We will see an example on how to use biogeme to estimate ordered logit models.
We will use the (in)famous 'affairs' dataset, describe below.

The data comes from a survey from *Psychology Today*, conducted in the year 1969.

How often engaged in extramarital sexual intercourse during the past year?
With the possible answers:

* None
* Once
* Twice
* Three times
* 4 to 10 times
* Monthly
* Weekly
* Daily

# Description of the dataset

The dataset has 601 observations of the following variables:

* **affairs:** The answer to the survey, the answers are encode with numbers.
  0 = None, 1 = Once, 2 = Twice, 3=Three times, 7= 4 to 10 times, 12= monthly, 12 = weekly, 12 = daily.
  As we see, the information was encoded in such a way that we lose information about the more frequent answers, and the encoded numbers do not completely coincide with the frequencies.
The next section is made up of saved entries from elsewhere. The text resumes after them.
Lemma wdeg_ltZ m a f : wdeg_lt m f -> wdeg_lt m (tscale a f).
Proof.
move=> [f' [deg_f' Kff']]; exists (tscale a f'); split; first exact: deg_lt_scale.
rewrite (_ : tsub _ _ = tscale a (tsub f f')); first exact: W_scale.
by apply: ser_eq => w; rewrite /tsub /tscale; ring.
Qed.

Lemma wdeg_lt_lmul m i f : wdeg_lt m f -> wdeg_lt m.+1 (tmul (letter i) f).
Proof.
move=> [f' [deg_f' Kff']]; exists (tmul (letter i) f'); split; first exact: deg_lt_lmul.
rewrite (_ : tsub _ _ = tmul (letter i) (tsub f f')); first exact: W_lmul.
by apply: ser_eq => w; rewrite tmulBr.
Qed.

Lemma deg_lt_twisted_act m g q : deg_lt m g -> P q -> wdeg_lt m.-1 (twisted_act q g).
Proof.
move=> deg_g; elim: deg_g q => {m g} [m | m | m f g _ IHf _ IHg | m a f _ IHf
  | m i f deg_f IHf] q Pq.
- by rewrite twisted_act1; apply/Wker_wdeg_lt/W_gen.
- by rewrite twisted_act0; apply/Wker_wdeg_lt/W_U/U_0.
- by rewrite twisted_actD; apply: wdeg_ltD; auto.
- by rewrite twisted_actZ; apply/wdeg_ltZ/IHf.
rewrite twisted_act_lmul /=.
apply: wdeg_ltD; last exact/Wker_wdeg_lt/W_U/(Uideal_tmulr (Uideal_tcomm q i) deg_f).
apply: wdeg_ltD; last exact/wdeg_ltZ/deg_lt_wdeg_lt.
apply: wdeg_ltD.
  case: m deg_f IHf => [|m] _ IHf; last exact/wdeg_lt_lmul/IHf.
  exact/Wker_wdeg_lt/W_lmul/wdeg_lt0/IHf.
case: m deg_f IHf => [|m] _ IHf; first exact: IHf (P_br _ Pq).
exact/wdeg_ltS/IHf/P_br.
Qed.

Lemma wdeg_lt_twisted_act m f q : wdeg_lt m.+1 f -> P q -> wdeg_lt m (twisted_act q f).
Proof.
move=> [g [deg_g Kfg]] Pq.
rewrite (_ : twisted_act q f = tadd (twisted_act q g) (twisted_act q (tsub f g))).
  exact/wdeg_ltD/Wker_wdeg_lt/Wker_twisted_act/Kfg/(deg_lt_twisted_act deg_g).
by rewrite twisted_actB; apply: ser_eq => w; rewrite /tadd /tsub; ring.
Qed.

Lemma whittaker_vector_exists (M : ser -> Prop) :
  is_tsubspace M -> (forall q f, P q -> M f -> M (tmul (emb q) f)) ->
  (exists f, M f /\ ~ K f) ->
  exists v, [/\ M v, ~ K v & forall q, P q -> K (twisted_act q v)].
Proof.
move=> M_sub M_emb [f [Mf nKf]]; have M_lin := tsubspace_tlin_closed M_sub.
have [m deg_f] : exists m, deg_lt m f by case: M_sub => M_poly _ _ _; exact/poly_deg_lt/M_poly.
apply: (descent_along_filtration wdeg_lt0 _ _ (deg_lt_wdeg_lt deg_f) Mf nKf).
  by move=> k q g Pq /wdeg_lt_twisted_act; apply.
move=> q g Pq Mg; have [_ _ M_scale] := M_lin.
by apply: (tlin_closed_sub M_lin); [exact: M_emb | exact: M_scale].
Qed.

End WhittakerVectors.

Unset Implicit Arguments.

Theorem proposition3p2 (R : realType) (n : nat)
  (br : 'rV[R[i]]_n -> 'rV[R[i]]_n -> 'rV[R[i]]_n)
  (P : 'rV[R[i]]_n -> Prop) (phi : 'rV[R[i]]_n -> R[i]) :
  is_lie_bracket br ->
  ~ is_semisimple br ->
  is_ideal br P ->
  ~ is_perfect br P ->
  is_lie_char br P phi ->
  forall M : ser R[i] n -> Prop,
    is_tsubspace M ->
    (forall f, Wker br P phi f -> M f) ->
    (forall p f, P p -> M f -> M (tmul (emb p) f)) ->
    (exists f, M f /\ ~ Wker br P phi f) ->
    exists v, [/\ M v, ~ Wker br P phi v &
      forall p, P p -> Wker br P phi (tsub (tmul (emb p) v) (tscale (phi p) v))].
Proof.
move=> br_lie _ P_ideal _ _ M M_sub _ M_emb M_nontrivial.
exact: whittaker_vector_exists.
Qed.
However, there is an ordinal relationship among the possible answer, from less frequent to more frequent.

*  **gender:** Categorical variable indicating either male or female among the participants.

* **age:** Numeric variable coding age in years: 17.5 = under 20, 22 = 20–24, 27 = 25–29, 32 = 30–34, 37 = 35–39, 42 = 40–44, 47 = 45–49, 52 = 50–54, 57 = 55 or over. 
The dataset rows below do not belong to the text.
Lemma pb_eq (E X Y : pgrp) (p : phom E Y) (f : phom X Y) (q q' : PB p f) :
  proj1_sig q = proj1_sig q' -> q = q'.
Proof. apply eq_sig_hprop. intros; apply proof_irrelevance. Qed.

Definition ker_central (G H : pgrp) (f : phom G H) : Prop :=
  forall k : G, f k = pzero -> forall g : G, padd k g = padd g k.

Definition pos_fibre_diff (G H : pgrp) (f : phom G H) : Prop :=
  forall a a' : G, ppos a -> ppos a' -> f a = f a' -> ppos (padd (popp a) a').

Section CentralExtensions.
Variables (E G H : pgrp) (HE : is_pgrp E) (HG : is_pgrp G)
  (p : phom E H) (f : phom G H) (Hp : regular_epi p) (Ht : trivial_ext (pb_proj1 p f)).

Let HPB : is_pgrp (PB p f) := is_pgrp_PB HE HG p f.

Lemma pullback_trivial_ker_central : ker_central f.
Proof.
  intros k Hk g. destruct (proj1 Hp (f g)) as [e He].
  assert (H0k : p pzero = f k) by (rewrite hom_zero, Hk; reflexivity).
  set (z1 := exist _ (pzero, k) H0k : PB p f).
  set (z2 := exist _ (e, g) He : PB p f).
  assert (Hc := proj1 (proj2 (proj1 (trivial_extP HPB HE _) Ht))
                  (padd (padd (padd z1 z2) (popp z1)) (popp z2))).
  apply (f_equal (fun q : PB p f => snd (proj1_sig q))) in Hc.
  - apply (paddC_of_commutator0 HG), Hc.
  - simpl. group_simpl HE. reflexivity.
  - apply (eta_eqP HPB), (comm_sub_eq (cs_comm z1 z2)). group_simpl HPB. reflexivity.
Qed.

Lemma pullback_trivial_pos_fibre_diff : pos_fibre_diff f.
Proof.
  intros a a' Ha Ha' Eaa'.
  destruct (proj2 Hp (f a) (hom_pos f Ha)) as [e [He Ea]].
  assert (Ea' : p e = f a') by (rewrite Ea; exact Eaa').
  set (z := exist _ (e, a) Ea : PB p f).
  set (z' := exist _ (e, a') Ea' : PB p f).
  apply (proj2 (proj2 (proj1 (trivial_extP HPB HE _) Ht)) (padd (popp z) z')).
  - simpl. rewrite (ax_addNl HE). apply (ax_pos0 HE).
  - apply (ab_posE HPB). exists z', z. repeat split; try assumption.
    apply (eta_addC HPB).
Qed.

End CentralExtensions.

Section KernelPair.
Variables (G H : pgrp) (HG : is_pgrp G) (HH : is_pgrp H) (f : phom G H) (Hk : ker_central f).

Lemma ker_central_conj (a a' g : G) : f a = f a' ->
  padd a' (padd g (popp a')) = padd a (padd g (popp a)).
Proof.
  intro Eaa'. set (k := padd (popp a) a').
  assert (Hkc : forall h, padd k h = padd h k).
  { apply Hk. unfold k. rewrite hom_add, hom_opp, Eaa'. apply (ax_addNl HH). }
  assert (Ea' : a' = padd a k) by (unfold k; group_simpl HG; reflexivity).
  clearbody k. subst a'. group_simpl HG.
  rewrite (Hkc (padd g (padd (popp k) (popp a)))). group_simpl HG.
  rewrite <- (Hkc (popp a)). group_simpl HG. reflexivity.
Qed.

(* Both components of a commutator in [Eq(f)] agree, since conjugation by [x] and by [x']
   coincide whenever [f x = f x']. *)
Lemma kernel_pair_comm_sub_diag (c : kernel_pair f) :
  comm_sub c -> fst (proj1_sig c) = snd (proj1_sig c).
Proof.
  induction 1 as [| [[a a'] Ha] [[b b'] Hb] | c1 c2 _ IH1 _ IH2 | c1 _ IH]; simpl in *.
  - reflexivity.
  - transitivity (padd (padd a (padd b (popp a))) (popp b)); [group_simpl HG; reflexivity|].
    rewrite <- (ker_central_conj b Ha). group_simpl HG.
    rewrite <- (ker_central_conj (popp a') Hb). group_simpl HG. reflexivity.
  - rewrite IH1, IH2. reflexivity.
  - rewrite IH. reflexivity.
Qed.

Let HKP : is_pgrp (kernel_pair f) := is_pgrp_PB HG HG f f.

Definition kp_diag (x : G) : kernel_pair f := exist _ (x, x) eq_refl.

Lemma kernel_pair_ker_comm_trivial : ker_comm_trivial (kp_proj1 f).
Proof.
  intros [[x x'] hx] Hx Heta. simpl in Hx. subst x. apply pb_eq. simpl.
  apply (eta_eqP HKP), kernel_pair_comm_sub_diag in Heta. simpl in Heta.
  f_equal. transitivity (padd x' (popp pzero)); [group_simpl HG; reflexivity|].
  rewrite <- Heta. apply (ax_addNr HG).
Qed.

Lemma kernel_pair_pos_reflecting : pos_fibre_diff f -> pos_reflecting (kp_proj1 f).
Proof.
  intros Hpos [[x x'] hx] Hx Heta. split; [exact Hx|]. simpl in Hx |- *.
  apply (ab_posE HKP) in Heta.
  destruct Heta as [[[p1 p2] hp] [[[r1 r2] hr] [[Hp1 Hp2] [[Hr1 Hr2] Heta]]]].
  unfold pb_pos in *; simpl in *.
  apply (eta_eqP HKP), kernel_pair_comm_sub_diag in Heta. simpl in Heta.
  set (m := padd (popp p1) p2).
  assert (Hm : forall g, padd m g = padd g m).
  { apply Hk. unfold m. rewrite hom_add, hom_opp, hp. apply (ax_addNl HH). }
  assert (Ex' : x' = padd x (padd m (padd r1 (popp r2)))).
  { transitivity (padd (padd x' (popp (padd p2 (popp r2)))) (padd p2 (popp r2)));
      [group_simpl HG; reflexivity|].
    rewrite <- Heta, (ax_assoc HG m), Hm. unfold m. group_simpl HG. reflexivity. }
  rewrite Ex'. apply (ax_posD HG); [exact Hx|]. apply (ax_posD HG).
  - exact (Hpos p1 p2 Hp1 Hp2 hp).
  - exact (pos_sub_of_pos_opp_add HG (Hpos r2 r1 Hr2 Hr1 (eq_sym hr))).
Qed.

Lemma kernel_pair_trivial : pos_fibre_diff f -> trivial_ext (kp_proj1 f).
Proof.
  intro Hpos. apply (trivial_extP HKP HG). split; [split|split].
  - intro x. exists (kp_diag x). reflexivity.
  - intros x Hx. exists (kp_diag x). split; [split|]; trivial.
  - exact kernel_pair_ker_comm_trivial.
  - exact (kernel_pair_pos_reflecting Hpos).
Qed.

End KernelPair.

Section ConeKernelPair.
Variables (G H : pgrp) (HG : is_pgrp G) (HH : is_pgrp H) (f : phom G H).

Local Notation F := (cone_hom HG HH f).

Lemma cone_eq (X : pgrp) (HX : is_pgrp X) (x y : cone HX) : proj1_sig x = proj1_sig y -> x = y.
Proof. apply eq_sig_hprop. intros; apply proof_irrelevance. Qed.

Lemma eqm_ext (q q' : EqM F) :
  proj1_sig (fst (proj1_sig q)) = proj1_sig (fst (proj1_sig q')) ->
  proj1_sig (snd (proj1_sig q)) = proj1_sig (snd (proj1_sig q')) -> q = q'.
Proof.
  intros E1 E2. apply eq_sig_hprop; [intros; apply proof_irrelevance|].
  apply injective_projections; apply cone_eq; assumption.
Qed.

Lemma eqm_fibre (q : EqM F) : f (proj1_sig (fst (proj1_sig q))) = f (proj1_sig (snd (proj1_sig q))).
Proof. exact (f_equal (@proj1_sig _ _) (proj2_sig q)). Qed.

Definition cone_pair (a b : G) (Ha : ppos a) (Hb : ppos b) (E : f a = f b) : EqM F :=
  exist _ (exist _ a Ha, exist _ b Hb) (cone_eq (x := F (exist _ a Ha)) (y := F (exist _ b Hb)) E).

Lemma kernel_pair_cone_bij_r (y : cone HG) : pos_fibre_diff f ->
  set_bij (fun x => eqm_pi1 F x = munit) (fun x => eqm_pi1 F x = y)
    (fun x => mop x (eqm_diag F y)).
Proof.
  intro Hpos. destruct y as [a Ha]. split; [|split].
  - intros [[x1 x2] hx] Ax. apply (f_equal (@proj1_sig _ _)) in Ax. simpl in Ax.
    apply cone_eq. simpl. rewrite Ax. apply (ax_add0l HG).
  - intros [[x1 [x2 h2]] hx] [[y1 [y2 k2]] hy] Ax Ay E.
    apply (f_equal (@proj1_sig _ _)) in Ax, Ay.
    apply (f_equal (fun q : EqM F => proj1_sig (snd (proj1_sig q)))) in E.
    simpl in *. apply eqm_ext; simpl.
    + congruence.
    + exact (padd_cancel_r HG E).
  - intros [[b1 [b2 Hb2]] hb] Bb. apply (f_equal (@proj1_sig _ _)) in Bb.
    assert (Efb := eqm_fibre (exist _ (b1, exist _ b2 Hb2) hb)). simpl in Bb, Efb.
    rewrite Bb in Efb.
    assert (E0 : f pzero = f (padd b2 (popp a))).
    { rewrite hom_zero, hom_sub, Efb. symmetry; apply (ax_addNr HH). }
    exists (cone_pair (ax_pos0 HG) (pos_sub_of_pos_opp_add HG (Hpos a b2 Ha Hb2 Efb)) E0).
    split; [reflexivity|]. apply eqm_ext; simpl; rewrite ?Bb; group_simpl HG; reflexivity.
Qed.

Lemma kernel_pair_cone_bij_l (y : cone HG) : pos_fibre_diff f ->
  set_bij (fun x => eqm_pi1 F x = munit) (fun x => eqm_pi1 F x = y)
    (fun x => mop (eqm_diag F y) x).
Proof.
  intro Hpos. destruct y as [a Ha]. split; [|split].
  - intros [[x1 x2] hx] Ax. apply (f_equal (@proj1_sig _ _)) in Ax. simpl in Ax.
    apply cone_eq. simpl. rewrite Ax. apply (ax_add0r HG).
  - intros [[x1 [x2 h2]] hx] [[y1 [y2 k2]] hy] Ax Ay E.
    apply (f_equal (@proj1_sig _ _)) in Ax, Ay.
    apply (f_equal (fun q : EqM F => proj1_sig (snd (proj1_sig q)))) in E.
    simpl in *. apply eqm_ext; simpl.
    + congruence.
    + exact (padd_cancel_l HG E).
  - intros [[b1 [b2 Hb2]] hb] Bb. apply (f_equal (@proj1_sig _ _)) in Bb.
    assert (Efb := eqm_fibre (exist _ (b1, exist _ b2 Hb2) hb)). simpl in Bb, Efb.
    rewrite Bb in Efb.
    assert (E0 : f pzero = f (padd (popp a) b2)).
    { rewrite hom_zero, hom_add, hom_opp, Efb. symmetry; apply (ax_addNl HH). }
    exists (cone_pair (ax_pos0 HG) (Hpos a b2 Ha Hb2 Efb) E0).
    split; [reflexivity|]. apply eqm_ext; simpl; rewrite ?Bb; group_simpl HG; reflexivity.
Qed.

Lemma special_homogeneous_surjection_pos_fibre_diff :
  special_homogeneous_surjection F -> pos_fibre_diff f.
Proof.
  intros [_ [_ Hhom]] a a' Ha Ha' Eaa'.
  destruct (proj2 (proj2 (proj2 (Hhom (exist _ a Ha))))
              (cone_pair Ha Ha' Eaa') eq_refl) as [[[x1 [x2 h2]] hx] [_ Ex]].
  apply (f_equal (fun q : EqM F => proj1_sig (snd (proj1_sig q)))) in Ex. simpl in Ex.
  rewrite <- Ex. group_simpl HG. exact h2.
Qed.

Lemma special_homogeneous_surjection_coneP : regular_epi f ->
  special_homogeneous_surjection F <-> pos_fibre_diff f.
Proof.
  intro Hf. split; [exact special_homogeneous_surjection_pos_fibre_diff|].
  intro Hpos. split; [|split; [reflexivity|]].
  - intros [y Hy]. destruct (proj2 Hf y Hy) as [x [Hx Ex]].
    exists (exist _ x Hx). apply cone_eq, Ex.
  - intro y. split; [apply kernel_pair_cone_bij_r | apply kernel_pair_cone_bij_l]; exact Hpos.
Qed.

End ConeKernelPair.

Lemma normal_ext_central_ext (G H : pgrp) (HG : is_pgrp G) (f : phom G H) :
  regular_epi f -> normal_ext f -> central_ext f.
Proof. intros Hf [_ Ht]. split; [exact Hf|]. exists G, f. split; [exact HG| split; assumption]. Qed.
* **yearsmarried:** Numeric variable coding number of years married: 0.125 = 3 months or less, 0.417 = 4–6 months, 0.75 = 6 months–1 year, 1.5 = 1–2 years, 4 = 3–5 years, 7 = 6–8 years, 10 = 9–11 years, 15 = 12 or more years.
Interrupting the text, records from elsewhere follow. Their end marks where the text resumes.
Lemma map_mderiv_charmx (c : algC) (a b : 'I_d) :
  map_mx (D a b) (charmx c%:MP) = - hbasis a b.
Proof.
apply/matrixP => i j; rewrite -map_mderiv_herm_coord !mxE.
by rewrite mderivB mderivMn mderivC mul0rn sub0r.
Qed.

Lemma mderiv_det_charmx (c : algC) (a b : 'I_d) :
  D a b (\det (charmx c%:MP)) = - \tr (\adj (charmx c%:MP) *m hbasis a b).
Proof.
by rewrite (derivation_det (@mderivM _ _ _)) map_mderiv_charmx mulmxN raddfN.
Qed.

Lemma det_mul_mderiv2_charmx (c : algC) (a b : 'I_d) (A := charmx c%:MP) :
  \det A * D a b (D a b (\det A)) =
  \tr (\adj A *m hbasis a b) ^+ 2 - \tr (\adj A *m hbasis a b *m \adj A *m hbasis a b).
Proof.
have DE : map_mx (D a b) (- hbasis a b) = 0.
  by rewrite map_mxN map_mderiv_hbasis oppr0.
rewrite (derivation2_det (@mderivM _ _ _) (map_mderiv_charmx c a b) DE).
by rewrite !mulmxN !mulNmx opprK raddfN sqrrN.
Qed.

Lemma hGamma_det_charmx (c e : algC) :
  hGamma (\det (charmx c%:MP)) (\det (charmx e%:MP)) =
  \tr (\adj (charmx c%:MP) *m \adj (charmx e%:MP)).
Proof.
rewrite hGammaE -sum_hbasis_mxtraceM.
by apply: eq_bigr => a _; apply: eq_bigr => b _; rewrite !mderiv_det_charmx mulrNN.
Qed.

Lemma det_mul_hlap_charmx (c : algC) (A := charmx c%:MP) :
  \det A * hlap (\det A) = \tr (\adj A *m \adj A) - \tr (\adj A) ^+ 2.
Proof.
rewrite hlapE mulr_sumr.
under eq_bigr => a _ do rewrite mulr_sumr.
under eq_bigr => a _ do under eq_bigr => b _ do
  rewrite -scalerAr det_mul_mderiv2_charmx scalerBr.
under eq_bigr => a _ do rewrite sumrB.
by rewrite sumrB sum_hbasis_mxtraceM sum_hbasis_mxtrace_mulmx expr2.
Qed.

Lemma det_charmx_neq0 (c : algC) : \det (charmx c%:MP) != 0.
Proof.
(* At the point where M = (c - 1) Id, the matrix c - M is the identity. *)
pose v (k : 'I_(d * d)) := if [exists l, k == mxvec_index l l] then c - 1 else 0.
have v_offdiag (i j : 'I_d) : i != j -> v (mxvec_index i j) = 0.
  move=> nij; rewrite /v ifN //; apply/existsPn => l; rewrite mxvec_index_eq.
  by apply: contra nij => /andP[/eqP-> /eqP->].
have eval_charmx : map_mx (meval v) (charmx c%:MP) = 1%:M.
  apply/matrixP => i j; rewrite !mxE mevalB mevalMn mevalC.
  have [->|nij] := eqVneq i j.
    rewrite /hvar mevalXU /v ifT; last by apply/existsP; exists j.
    by rewrite mulr1n opprB addrC subrK.
  have nji : j != i by rewrite eq_sym.
  by case: ifP => _; rewrite ?(mevalD, mevalN, mevalM, mevalC) /hvar !mevalXU
    !v_offdiag // ?(mulr0, addr0, subr0, oppr0, mulr0n).
apply: contra_neq (oner_neq0 algC) => det0.
by rewrite -(det1 _ d) -eval_charmx det_map_mx det0 rmorph0.
Qed.

End CharacteristicPolynomial.

Unset Implicit Arguments.

Theorem proposition5p5 (d : nat) (X Y : algC) :
  X != Y ->
  hGamma (charP d).[X%:MP] (charP d).[Y%:MP] =
    (Y - X)^-1 *: ((charP d)^`().[X%:MP] * (charP d).[Y%:MP]
                   - (charP d)^`().[Y%:MP] * (charP d).[X%:MP])
  /\ hlap (charP d).[X%:MP] = - (charP d)^`(2).[X%:MP].
Proof.
move=> neqXY; rewrite !horner_charP; split.
  have neqYX : Y - X != 0 by rewrite subr_eq0 eq_sym.
  have resolvent : charmx Y%:MP - charmx X%:MP = ((Y - X)%:MP)%:M :> 'M[HFun d]_d.
    by rewrite /charmx opprB addrA subrK mpolyCB raddfB.
  rewrite !horner_charP_deriv -(mxtrace_adj_resolvent resolvent) mul_mpolyC.
  by rewrite scalerA mulVf // scale1r hGamma_det_charmx.
apply: (mulfI (det_charmx_neq0 d X)).
by rewrite det_mul_hlap_charmx mulrN horner_charP_derivn2 opprB.
Qed.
* **children:** Categorical variable indicating if there are children in the marriage.

* **religiousness:** Categorical variable indicating how religious in the person, encoded as numbers: 1 = anti, 2 = not at all, 3 = slightly, 4 = somewhat, 5 = very.

* **education:**: Categorical variable indicating the level of education. Encoded as numbers: 9 = grade school, 12 = high school graduate, 14 = some college, 16 = college graduate, 17 = some graduate work, 18 = master's degree, 20 = Ph.D., M.D., or other advanced degree.

* **occupation:** Categorical variable classifying the profession of the individual. Encoded as numbers, and the meaning of the numbers has been somewhat lost in time. But it could be something like the one in this [link.](https://dictionary.fitbir.nih.gov/portal/publicData/dataElementAction!view.action?dataElementName=HollingsheadJobClassCat&publicArea=true)

* **rating:** Categorical variable indicating how happy they are with the marriage. Encoded as numbers: 1 = very unhappy, 2 = somewhat unhappy, 3 = average, 4 = happier than average, 5 = very happy.

---
---

# Preparing the environment
*The preparation and dataset loading code is given to the students*

In [1]:
!pip install biogeme



Load the packages, feel free to change the names.

In [2]:
import pandas  as pd
import numpy as np
import matplotlib.pyplot as plt

import biogeme.database as db
import biogeme.biogeme as bio
import biogeme.models as models
import biogeme.expressions as exp
import biogeme.tools as tools
import biogeme.distributions as dist

# Load the dataset

In [3]:
path = 'https://raw.githubusercontent.com/pmontman/pub-choicemodels/main/data/affairs.csv'
affairs_pd = pd.read_csv(path)

A simple look at the dataset.

In [4]:
affairs_pd.head(5)

Unnamed: 0,affairs,gender,age,yearsmarried,children,religiousness,education,occupation,rating
0,0,male,37.0,10.0,no,3,18,7,4
1,0,female,27.0,4.0,no,4,14,6,4
2,0,female,32.0,15.0,yes,1,12,1,4
3,0,male,57.0,15.0,yes,5,18,6,5
4,0,male,22.0,0.75,no,2,17,6,3


# Auxiliary function

In [5]:
def qbus_update_globals_bgm(pd_df):
   globals().update(db.Database('tmp_bg_bgm_for_glob', pd_df).variables)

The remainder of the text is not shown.